All SVM analyses reported in this paper were performed in Python and used the implementation from scikit-learn74. Following an INTERSPEECH challenge convention75, all SVMs use a linear kernel with the following complexities: 1 × 10−5, 1 × 10−4, 1 × 10−3, 1 × 10−2, 1 × 10−1 and 1.

Heterogeneity index

To compute the I2 metric, we treated the model estimates for all corpora for the same emotion and acoustic factor as separate studies. First, we computed Conchran’s Q statistic, which is defined as:

$$Q=\sum {w}_{i}{({y}_{i}-\bar{\mu })}^{2}$$

where i is the index of the current corpus, wi is the inverse variance of estimates of the current corpus, yi is the mean estimate of the global mapping on top of the mapping of the current corpus and \(\bar{\mu }\) is the weighted average over all corpora, defined as:

$$\frac{\sum {w}_{i}{\hat{y}}_{i}}{\sum {w}_{i}}$$

where \({\hat{y}}_{i}\) is the average estimate for the corpus alone.

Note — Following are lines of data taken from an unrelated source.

(** The three conditions [b <= 1/(3(1+lam))], [c <= 1/d] and, after [T2'],
    [a >= rho] cut out a forward-invariant region.  Each is a barrier argument
    for a trajectory that is continuous and has right derivatives: at the
    level [a = rho], and at any level strictly above the bounds for [b] and
    [c], the relevant gradient has a strict sign, so the sign-gradient flow
    pushes the coordinate back inside.  For [a] this uses the bounds on [b] and
    [c]: they give [r + 2a - 3 <= 3a - 5/3 < 0].  The initial value
    [mu = rho0/(d+lam)] lies below the bounds on [b] and [c] as soon as
    [rho0 <= 1/3], and the infimum [T2'] is attained by right continuity.  The
    alignment bound is then algebra:
    [1 - a/q = (q^2 - a^2)/(q(q+a)) <= (b^2 + (d-2)c^2)/(2 a^2)]. *)

From Stdlib Require Import Reals Lra Lia.
From Coquelicot Require Import Coquelicot.
Open Scope R_scope.

Definition right_continuous (f : R -> R) (u : R) : Prop :=
  forall eps, 0 < eps ->
    exists del, 0 < del /\ forall h, 0 < h < del -> Rabs (f (u + h) - f u) < eps.

Definition right_decreasing (f : R -> R) (u : R) : Prop :=
  exists del, 0 < del /\ forall h, 0 < h < del -> f (u + h) < f u.

Lemma right_deriv_spec f t l : right_deriv f t l ->
  forall eps, 0 < eps -> exists del, 0 < del /\
    forall h, 0 < h < del -> Rabs ((f (t + h) - f t) / h - l) < eps.
Proof.
  intros Hf eps Heps.
  destruct (proj1 (filterlim_locally _ _) Hf (mkposreal eps Heps)) as [del Hdel].
  exists del; split; [apply cond_pos |].
  intros h [Hh0 Hh]. apply Hdel; [| exact Hh0].
  change (Rabs (h - 0) < del). rewrite Rminus_0_r, Rabs_pos_eq; lra.
Qed.

Lemma continuous_spec f u : continuous f u ->
  forall eps, 0 < eps -> exists del, 0 < del /\
    forall y, Rabs (y - u) < del -> Rabs (f y - f u) < eps.
Proof.
  intros Hf eps Heps.
  destruct (proj1 (filterlim_locally _ _) Hf (mkposreal eps Heps)) as [del Hdel].
  exists del; split; [apply cond_pos |].
  intros y Hy. apply (Hdel y Hy).
Qed.

Lemma right_deriv_right_continuous f t l :
  right_deriv f t l -> right_continuous f t.
Proof.
  intros Hf eps Heps.
  destruct (right_deriv_spec f t l Hf 1 Rlt_0_1) as [del [Hdel Hq]].
  assert (Hl : 0 < Rabs l + 1) by (pose proof (Rabs_pos l); lra).
  exists (Rmin del (eps / (Rabs l + 1))); split.
  { apply Rmin_glb_lt; [lra | apply Rdiv_lt_0_compat; lra]. }
  intros h [Hh0 Hh].
  pose proof (Rlt_le_trans _ _ _ Hh (Rmin_l _ _)) as Hh_del.
  pose proof (Rlt_le_trans _ _ _ Hh (Rmin_r _ _)) as Hh_eps.
  specialize (Hq h (conj Hh0 Hh_del)).
  set (q := (f (t + h) - f t) / h) in Hq.
  replace (f (t + h) - f t) with (q * h) by (unfold q; field; lra).
  rewrite Rabs_mult, (Rabs_pos_eq h) by lra.
  assert (Hq_bound : Rabs q < Rabs l + 1) by (pose proof (Rabs_triang_inv q l); lra).
  apply Rmult_lt_compat_r with (r := Rabs l + 1) in Hh_eps; [| lra].
  replace (eps / (Rabs l + 1) * (Rabs l + 1)) with eps in Hh_eps by (field; lra).
  pose proof (Rabs_pos q). nra.
Qed.

Lemma right_deriv_neg_right_decreasing f t l :
  right_deriv f t l -> l < 0 -> right_decreasing f t.
Proof.
  intros Hf Hl.
  destruct (right_deriv_spec f t l Hf (- l)) as [del [Hdel Hq]]; [lra |].
  exists del; split; [exact Hdel |].
  intros h Hh. specialize (Hq h Hh). apply Rabs_def2 in Hq.
  assert (Hq_neg : (f (t + h) - f t) / h < 0) by lra.
  enough (f (t + h) - f t < 0) by lra.
  replace (f (t + h) - f t) with ((f (t + h) - f t) / h * h) by (field; lra).
  nra.
Qed.

Lemma right_deriv_opp f t l :
  right_deriv f t l -> right_deriv (fun s => - f s) t (- l).
Proof.
  intros Hf.
  apply (filterlim_ext (fun h => opp ((f (t + h) - f t) / h))).
  { intros h. change (- ((f (t + h) - f t) / h) = (- f (t + h) - - f t) / h).
    unfold Rdiv. ring. }
  eapply filterlim_comp; [exact Hf | apply (filterlim_opp l)].
Qed.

Higgins and Thompson’s I2 is the percentage of variability in the effect sizes that is not caused by sampling error and is computed by:

$$\max \left(0,\frac{(Q/k-1)-1}{Q/k-1}\right)$$

where k is the number of corpora included in the analysis.

Generalization analysis

To obtain the contributions of different levels of analysis to the prediction of the model, we first obtained the model prediction. For the predicted emotion, we summed all absolute values that go into the prediction for the emotion and divided each of the absolute values by this sum. This returns a contribution of single model parameters to the model prediction, which are each uniquely associated with one level of the analysis.

Reporting summary

Further information on research design is available in the Nature Portfolio Reporting Summary linked to this article.